Consider the following problem.
Problem. Given $\alpha>0$, find all values of $\beta\geq 0$ such that the following estimate is true for all $\varphi\in \mathscr D(\mathbb R)$: $$ ||\langle x\rangle^{-\beta}\;|\partial_x|^{1/2}\varphi||_{L^2 (\mathbb R)}\lesssim ||\partial_x \varphi||_{L^2 (\mathbb R)}+||\langle x\rangle^{-\alpha}\;\varphi||_{L^2 (\mathbb R)}.\qquad(1) $$
Notation. The “half derivative” is defined as a Fourier multiplier $$ \mathscr F(|\partial_x|^{1/2}\varphi)(\xi)=|2\pi\xi|^{1/2}\widehat\varphi(\xi) $$ and I define the japanese bracket $\langle x\rangle:=(1+x^2)^{1/2}$.
A few preliminary observations.
Taking $\alpha$ larger and larger eventually does not change the right hand side up to equivalent norms. In fact, a function such that $\partial_x\varphi\in L^2$ satisfies $$ |\varphi(x)-\varphi(y)|\lesssim |x-y|^{1/2}, $$ and in particular the quantity $||\langle x\rangle^{-\alpha}\varphi||_{L^2}$ is automatically finite if $\alpha>1$. With this (being a bit careful since $\partial_x\varphi$ determines $\varphi$ only up to a constant) it is feasible to prove that, if we take $\alpha>1$, the right hand side of $(1)$ is equivalent to $$ ||\partial_x \varphi||_{L^2}+|\varphi(0)|. $$ So the problem is split in two cases: the case $0<\alpha\leq 1$ and the case $\alpha>1$, the latter consisting in fact of one single estimate.

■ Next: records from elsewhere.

Lemma x2_small_reducibleE i : 1 <= i <= m - 1 -> x i = 2 -> i <= t ->
  reducible i = is_c_index t x i.
Proof.
move=> range_i x_i2 le_i_t; rewrite /is_c_index x_i2 /=.
apply/reducibleP/hasP => [[j [l [range_j range_l]]]|[j + /hasP[l + /and3P[]]]].
  rewrite /apery x_i2 => sum_jl.
  have := x_gt0 range_j; have := x_gt0 range_l => x_l_gt0 x_j_gt0.
  have x_j1 : x j = 1 by nia.
  have x_l1 : x l = 1 by nia.
  exists j; first by rewrite mem_iota; lia.
  by apply/hasP; exists l; rewrite ?mem_iota ?x_j1 ?x_l1 ?eqxx ?andbT; [lia|apply/eqP; lia].
rewrite !mem_iota => range_j range_l /eqP sum_jl /eqP x_j1 /eqP x_l1.
by exists j, l; rewrite /apery x_j1 x_l1 x_i2; split; lia.
Qed.

Lemma reducible_balance i : 1 <= i <= m - 1 ->
  (x i - 1) + ((i <= t) && is_c_index t x i) =
  reducible i + ((i <= t) && (x i == 2)) + ((i <= t) && (x i == 3)).
Proof.
move=> range_i; have := x_gt0 range_i.
case: (ltnP (x i) 3) => [lt_xi3 x_i_gt0|x_ge3 _]; last first.
  by have [x_i3 -> ->] := x_ge3_reducible range_i x_ge3; rewrite /is_c_index x_i3.
have [x_i1|x_i2] : x i = 1 \/ x i = 2 by lia.
  by rewrite (negbTE (x1_irreducible range_i x_i1)) /is_c_index x_i1 /= !andbF.
have [le_i_t|lt_t_i] := leqP i t.
  by rewrite (x2_small_reducibleE range_i x_i2 le_i_t) x_i2 /= addn0 addnC.
by rewrite (x2_large_reducible range_i x_i2 lt_t_i) x_i2 /=.
Qed.

Lemma count_reducible :
  count reducible (iota 1 (m - 1)) + cnt_a t x + cnt_b t x = k1.+1 + cnt_c t x.
Proof.
have le_t_m : t <= m - 1 by lia.
rewrite /cnt_a /cnt_b cnt_cE !(count_iota_prefix _ le_t_m) -!sum_count.
rewrite -sum_excess -!big_split /=.
by apply: eq_big_seq => i; rewrite mem_iota => range_i; rewrite reducible_balance //; lia.
Qed.

End KunzCombinatorics.

Section AperySet.

Variables (S : pred nat) (m : nat) (x : nat -> nat).
Hypothesis S_0 : S 0.
Hypothesis S_add : forall a b, S a -> S b -> S (a + b).
Hypothesis S_m : S m.
Hypothesis m_gt0 : 0 < m.
Hypothesis kunz : kunz_vector S m x.

Local Notation apery := (apery m x).

Lemma S_mulm c : S (c * m).
Proof. by elim: c => [|c IHc]; rewrite ?mulSn ?S_add. Qed.

Lemma mem_kunz i k : 1 <= i <= m - 1 -> S (k * m + i) = (x i <= k).
Proof.
move=> range_i; have [x_i_gt0 [S_apery notS_below]] := kunz range_i.
apply/idP/idP => [S_kmi|le_xi_k]; last first.
  have ->: k * m + i = x i * m + i + (k - x i) * m by rewrite -{1}(subnKC le_xi_k); lia.
  exact/S_add/S_mulm.
rewrite leqNgt; apply: contraNN notS_below => lt_k_xi.
have ->: (x i).-1 * m + i = k * m + i + ((x i).-1 - k) * m.
  by rewrite -{1}(@subnKC k (x i).-1); lia.
exact/S_add/S_mulm.
Qed.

It is possible to show through the Fourier transform that $|\partial_x|^{1/2}\varphi(x)=[\operatorname{sgn}(\cdot)|\cdot|^{-1/2}*\partial_x\varphi](x)$ and since $\partial_x\varphi\in L^2$, then $|\partial_x|^{1/2}\varphi\in BMO(\mathbb R)$. This implies that $|\partial_x|^{1/2}\varphi$ is, for instance, locally in $L^2$, so that (unless my eyes are cheated by some spell) the following estimate should hold $$ ||\mathbb \chi_{[-1,1]}(\cdot) |\partial_x|^{1/2}\varphi ||_{L^2} \lesssim ||\partial_x \varphi||_{L^2}+ |\varphi(0)| $$ and by a summation trick (i.e., taking infinitely many shifted copies of the above estimate to cover all the real line), using the Hölder-continuity of $\varphi$ which I stated above, one should obtain that estimate $(1)$ holds whenever $\alpha>1$ and $\beta>1$.
My questions:
- Does what I have said above in the second observation make sense to you? I put some dust under the carpet, but I think that what I wrote works.
- Do you have any clue on how one would prove the estimate for $\alpha<1$, besides doing it from scratch? Simply put, does this kind of estimates fall into some more general framework for which there are strong techniques to prove the estimates whenever I need to use one in a paper without reinventing the wheel? Like, would abstract interpolation theory help in this context? Any references you think could be useful in understanding how to work out these estimates, or research papers dealing with this kind of estimates?